Making the transport layer faster makes some architectures more performant. If you can simply swap out the transport layer that's a way easier optimization than rearchitecting an app that is correct but slow.
But it doesn’t allow you to multiplex that connection (HTTP pipelining is broken and usually disabled). So depending on the app setup you could be losing quite a bit waiting on an API call while you could be loading a CSS file.
Your static and dynamic assets should be served from different domains anyway, to reduce the overhead of authentication headers / improve cache coherency. https://sstatic.net/ quotes a good explanation, apparently mirrored https://checkmyws.github.io/yslow-rules/. (The original Yahoo Best Practices for Speeding Up Your Web Site article has been taken down.)
Consider HTTP semantics. If there are cookies in the request, and those cookies change, it has to be re-requested every time. If there are no cookies, the request can remain semantically compatible, so the browser's internal caching proxy can just return the cached version.
There are other advantages: the article elaborates.
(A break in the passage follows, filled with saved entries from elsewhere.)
Lemma matching_enabled t' : (forall s, origin_ge N Tplus origin_places (inr t) s (pre N' s t')) ->
  enabled N' M' t'.
Proof.
  intros Hog s; destruct (Hog s) as [->|[Hs [ys [Hp [Hlast Hle]]]]]; [lia|].
  destruct (Nat.eq_dec (pre N' s t') 0) as [->|Hne]; [lia|].
  assert (HS : S' s) by (apply NNPP; intros HS; apply Hne, places_N', HS).
  assert (Hfs : faithful_place N Tplus origin_places s)
    by (destruct ys; [discriminate|exact (proj1 Hp)]).
  pose proof (faithful_path_bound (length ys) ys s (le_n _) Hp Hlast) as Hbound.
  rewrite (production_source s Hfs Hs) in Hbound.
  unfold base in Hbound; rewrite (proj1 (m0_N' s) HS) in Hbound; lia.
Qed.

End Enabling.

Hypothesis acyclic_plus : acyclic_restr N Tplus.
Hypothesis acyclic_minus : acyclic_restr N Tminus.

Section Normalisation.
Variables (M' M MM : Pl -> nat) (H HM : Tr -> Z) (l : list Tr).
Hypothesis supp_H : fin_supp H l.
Hypothesis supp_HM : fin_supp HM l.
Hypothesis marks_M : marks_sum N N' M' H M.
Hypothesis marks_MM : marks_sum N N' M' HM MM.
Hypothesis HM_nonneg : forall u, 0 <= HM u.
Hypothesis HM_plus : forall u, HM u <> 0 -> Tplus u.
Hypothesis invisible_HM : invisible N HM.
Hypothesis invisible_H : invisible N H.
Hypothesis H_le_HM : forall u, H u <= HM u.
Hypothesis neg_minus : forall u, H u < 0 -> Tminus u.
Hypothesis neg_pos_disjoint : forall u x, H u < 0 -> 0 < H x -> pre_disjoint N u x.

Lemma lsum_pos_part s : lsum l (fun u => Z.max 0 (H u) * tok N u s) =
  lsum l (fun u => H u * tok N u s) + lsum l (fun u => Z.max 0 (- H u) * tok N u s).
Proof.
  rewrite <- lsum_add; apply lsum_ext; intros u _.
  rewrite <- Z.mul_add_distr_r; f_equal; lia.
Qed.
Per the official HTTP semantics[1,2], what you say is not true: the only header that’s (effectively) always part of Vary is Authorization, the rest are at the origin server’s discretion; so don’t set Vary: Cookie on responses corresponding to static assets and you’re golden. The article only says that some (all?) browsers will disregard this and count Cookie there as well.
Even still, the question is, what’s worse: a cacheable request that has to go through DNS and a slow-start stage because it’s to an unrelated domain, or a potentially(?) noncacheable one that can reuse the existing connection? On a fast Internet connection, the answer is nonobvious to me.
Oh, would that anyone heeded the official HTTP semantics. (Web browsers barely let you make requests other than GET and POST! It's ridiculous.)
On a fast internet connection, the answer doesn't matter because the internet connection is fast. On a slow internet connection, cacheable requests are better.
Is HTTP the issue here though? Most of the time it seems to be more to do with the server taking ages to respond to queries. E.g. Facebook is equally poor on mobile as it is on my fibre-connected desktop (which I assume is using HTTP/3 as well) so I have my doubts that swapping HTTP versions will make a difference on mobile.
I did find it amusing how the author of the linked article says the megacorps are obsessed with improving performance (including the use of HTTP/3 to apparently help improve performance). In my experience the worst performing apps are those from the megacorps! I use Microsoft apps regularly at work and the performance is woeful even on a fibre connection using a HTTP/3 capable browser and/or their very own apps on their very own OS.
Most people still use Google, and so they're living the fast HTTP 3 life, switching off that to a slower protocol only when interacting with non-Google/Amazon/MSFT properties. If your product is a competitor, but slower/inaccessible users are going to bounce off your product and not even be able to tell you why.
MSFT provides some of the slowest experiences I've had e.g. SharePoint, Teams, etc. Am laughing at the assumption that non-MSFT/etc properties are seen as slower when it is i fact MSFT that are the slowpokes. I haven't used Google much lately but they can be pretty poor too.
AWS are pretty good though. However it is notable I get good speeds and latency using S3 over HTTP/1.1 for backing up several hundreds gigs of data, so not sure if HTTP/3 makes any difference if it is already good enough without.
Nonsense, most of the web is non Google, Amazon or MSFT. Much of the web apps already uses CDNs which will enable web3 and the browser will support it. Other parts like APIs will not benefit much it they hit the database/auth/etc. MSFT stuff is dead slow anyway, Amazon is out of date, Google is just ads (who uses their search anymore?)
The connection to your local tower can have a negligible latency. The connection all the way to the datacenter may take longer. Then, there is congestion sometimes, e.g. around large gatherings of people; it manifests as latency, too.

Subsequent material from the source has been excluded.